Evaluating LLM-generated Worked Examples in an Introductory Programming Course
Abstract
Worked examples, which illustrate the process for solving a problem step-by-step, are a well-established pedagogical technique that has been widely studied in computing classrooms. However, creating high-quality worked examples is very time-intensive for educators, and thus learners tend not to have access to a broad range of such examples. The recent emergence of powerful large language models (LLMs), which appear capable of generating high-quality human-like content, may offer a solution. Separate strands of recent work have shown that LLMs can accurately generate code suitable for a novice audience, and that they can generate high-quality explanations of code. Therefore, LLMs may be well suited to creating a broad range of worked examples, overcoming the bottleneck of manual effort that is currently required. In this work, we present a novel tool, ‘WorkedGen’, which uses an LLM to generate interactive worked examples.

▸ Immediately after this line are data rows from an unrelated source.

Lemma sign_cell_inter_face s t : is_face (sign_cell s `&` sign_cell t) (sign_cell s).
Proof.
pose w i : int := if s i != t i then sign_coef (s i) else 0.
have term_ge0 u i : sign_cell s u -> 0 <= (w i)%:~R * ell i u.
  by move=> hu; rewrite /w; case: ifP => _; [rewrite hu|rewrite mul0r].
exists (fun v => (\sum_i w i * lam i v)%:~R), (ratr (\sum_i (w i)%:~R * a i)).
have sumE u : \sum_v (\sum_i w i * lam i v)%:~R * u v + ratr (\sum_i (w i)%:~R * a i) =
    \sum_i (w i)%:~R * ell i u by rewrite -ell_lincomb.
split=> [u hu|]; first by rewrite sumE sumr_ge0 // => i _; exact: term_ge0.
apply/seteqP; split=> u /=.
  move=> [hs ht]; split=> //; rewrite sumE big1 // => i _; rewrite /w.
  case: ifP => [/negP hne|]; last by rewrite mul0r.
  have [->|nz] := eqVneq (ell i u) 0; first by rewrite mulr0.
  by case: hne; rewrite (has_sign_ofP (hs i) nz) (has_sign_ofP (ht i) nz).
move=> [hs]; rewrite sumE => /psumr_eq0P h0; split=> // i.
have := h0 (fun j _ => term_ge0 _ j hs) i isT; rewrite /w; case: ifP => [_|/negbFE/eqP <-//].
by rewrite (hs i) => /normr0_eq0 ->; exact: has_sign0.
Qed.

Definition relint_pt (F : set pt) (x : pt) :=
  F x /\ forall i y, F y -> ell i x = 0 -> ell i y = 0.

(* Averaging one point of [F] per index [i], chosen off [ell i = 0] when possible,
   gives a point where no [ell i] vanishes unless it vanishes on all of [F]. *)
Lemma exists_relint_pt s c d (F := sign_cell s `&` [set u | aff c d u = 0]) :
  F !=set0 -> exists x, relint_pt F x.
Proof.
move=> [x0 Fx0].
have pick i : exists y, F y /\ ((exists y, F y /\ ell i y != 0) -> ell i y != 0).
  case: (pselect (exists y, F y /\ ell i y != 0)) => [[y [Fy nz]]|hn]; first by exists y.
  by exists x0; split=> // h; case: hn.
have [yf hy] := choice pick.
pose pts (k : option I) : pt := if k is Some i then yf i else x0.
have Fpts k : F (pts k) by case: k => [i|] //=; exact: (hy i).1.
have hN : (0 < #|{: option I}|)%N by rewrite card_option.
pose N : R := #|{: option I}|%:R.
have N0 : 0 < N^-1 by rewrite invr_gt0 ltr0n.
pose x : pt := fun v => N^-1 * \sum_k pts k v.
have sgx i : (sign_coef (s i))%:~R * ell i x = N^-1 * \sum_k `|ell i (pts k)|.
  rewrite ell_avg // mulrCA mulr_sumr; congr (_ * _); apply: eq_bigr => k _.
  by case: (Fpts k) => /(_ i).
have xs : sign_cell s x.
  move=> i; apply/eqP; rewrite eq_le sign_coef_mul_le /= sgx ell_avg // normrM (gtr0_norm N0).
  by rewrite ler_pM2l //; exact: ler_norm_sum.
have Fx : F x.
  split=> //=; rewrite /x aff_avg // big1 ?mulr0 // => k _; by case: (Fpts k).
exists x; split=> // i y Fy x0i; apply/eqP; apply: contraT => nz.
have /(hy i).2 yi0 : exists y, F y /\ ell i y != 0 by exists y.
move/eqP: x0i; rewrite -normr_eq0 -(xs i) sgx mulf_eq0 gt_eqF //= psumr_eq0 //.
by move=> /allP /(_ (Some i) (mem_index_enum _)); rewrite /= normr_eq0 (negPf yi0).
Qed.

Lemma relint_sub_sign_vec s F x :
  F `<=` sign_cell s -> relint_pt F x -> F `<=` sign_cell (sign_vec x).
Proof.
move=> Fs [Fx x0] y Fy i; rewrite /sign_vec.
have [xi0|nz] := eqVneq (ell i x) 0; first by rewrite xi0 (x0 i y Fy xi0); exact: has_sign0.
by rewrite -(has_sign_ofP (Fs x Fx i) nz); exact: Fs.
Qed.

Lemma sign_vec_sub s x : sign_cell s x -> sign_cell (sign_vec x) `<=` sign_cell s.
Proof.
move=> xs y ys i; have [xi0|nz] := eqVneq (ell i x) 0.
  by have := ys i; rewrite /sign_vec xi0 /sign_of eqxx => /has_sign_None ->; exact: has_sign0.
by rewrite (has_sign_ofP (xs i) nz); exact: ys.
Qed.

(* [x] lies in the relative interior of the cell [sign_cell (sign_vec x)]. *)
Lemma sign_vec_extend x y : sign_cell (sign_vec x) y ->
  exists2 e, 0 < e & sign_cell (sign_vec x) (fun v => (1 + e) * x v + (- e) * y v).
Proof.
move=> ys; have [e e0 he] := sign_of_perturb (fun i => ell i x) (fun i => ell i x - ell i y).
exists e => // i; rewrite ell_comb2 ?addrK //.
have -> : (1 + e) * ell i x + - e * ell i y = ell i x + e * (ell i x - ell i y) by ring.
have [xi0|nz] := eqVneq (ell i x) 0; last by rewrite /sign_vec -(he i nz); exact: has_sign_of.
have := ys i; rewrite /sign_vec xi0 /sign_of eqxx => /has_sign_None ->.
by rewrite !subrr mulr0 addr0; exact: has_sign0.
Qed.

Lemma face_sign_cell s F : is_face F (sign_cell s) -> F !=set0 -> exists t, F = sign_cell t.
Proof.
move=> [c [d [hnn ->]]] hne; have [x hx] := exists_relint_pt hne.
have xs : sign_cell s x := hx.1.1.
exists (sign_vec x); apply/seteqP; split.
  by apply: relint_sub_sign_vec hx; exact: subIsetl.
move=> y hy; have ys := sign_vec_sub xs hy; split=> //=.
have [e e0 hz] := sign_vec_extend hy.
have hz0 : 0 <= aff c d (fun v => (1 + e) * x v + - e * y v) := hnn _ (sign_vec_sub xs hz).
have hx0 : aff c d x = 0 := hx.1.2.
have hy0 : 0 <= aff c d y := hnn y ys.
change (aff c d y = 0); move: hz0; rewrite aff_comb2 ?addrK // hx0; nra.
Qed.

Lemma sign_cells_finite : finite_set sign_cells.
Proof.
apply: (@sub_finite_set _ _ ((fun f : {ffun I -> option bool} => sign_cell f) @` setT)).
  move=> C [s [-> _]]; exists [ffun i => s i] => //.
  by congr sign_cell; apply: funext => i; rewrite ffunE.
by apply: finite_image; exact: finite_finset.
Qed.

Lemma sign_cells_complex : iq_complex sign_cells.
Proof.
split.
- exact: sign_cells_finite.
- by move=> C [s [-> ne]]; split=> //; exact: sign_cell_iq_poly.
- move=> C F [s [-> _]] hf ne; have [t ht] := face_sign_cell hf ne.
  by exists t.
- move=> C D [s [-> _]] [t [-> _]]; split; first exact: sign_cell_inter_face.
  by rewrite setIC; exact: sign_cell_inter_face.
Qed.

Lemma sign_cells_cover : covers sign_cells.
Proof.
move=> u; exists (sign_cell (sign_vec u)); split; last exact: sign_cell_sign_vec.
by exists (sign_vec u); split=> //; exists u; exact: sign_cell_sign_vec.
Qed.

End Arrangement.

Section Recession.
Variables (R : realType) (V I : finType) (lam : I -> V -> int) (a : I -> rat).
Local Notation pt := (V -> R).
Local Notation ell0 i u := (ell lam (fun=> 0) i u).
Local Notation cell := (@sign_cell R V I lam a).
Local Notation cell0 := (@sign_cell R V I lam (fun=> 0)).

Lemma ell_shift i (x : pt) t d : ell lam a i (shift x t d) = ell lam a i x + t * ell0 i d.
Proof. by rewrite /ell !iqaffE aff_shift rmorph0. Qed.

Lemma ell_lin i (u : pt) : ell lam a i u = ell0 i u + ratr (a i).
Proof. by rewrite /ell /iqaff rmorph0 addr0. Qed.

Lemma sign_cell0_iq_cone s : iq_cone (cell0 s).
Proof.
exists #|{: I * bool}|, (ineq_row lam s); rewrite sign_cell_ineqs.
have -> // : ineq_const (fun=> 0) s = fun=> 0.
by apply: funext => j; rewrite /ineq_const; case: enum_val => i b; rewrite mulr0.
Qed.

Lemma ell_scale i t (u : pt) :
  ell lam a i (fun v => t * u v) = t * ell0 i u + ratr (a i).
Proof.
rewrite /ell /iqaff rmorph0 addr0 mulr_sumr; congr (_ + _).
by apply: eq_bigr => v _; rewrite mulrCA.
Qed.

Lemma sign_cell0_zero s : cell0 s (fun=> 0).
Proof.
move=> i; rewrite /ell /iqaff rmorph0 addr0 big1 ?mulr0; first exact: has_sign0.
by move=> v _; rewrite mulr0.
Qed.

We evaluate this tool with both an expert assessment of the content, and a user study involving students in a first-year Python programming course (n = ~400). We find that prompt chaining and one-shot learning are useful strategies for optimising the output of an LLM when producing worked examples. Our expert analysis suggests that LLMs generate clear explanations, and our classroom deployment revealed that students find the LLM-generated worked examples useful for their learning. We propose several avenues for future work, including investigating WorkedGen’s value in a range of programming languages, and with more complex questions suitable for more advanced courses.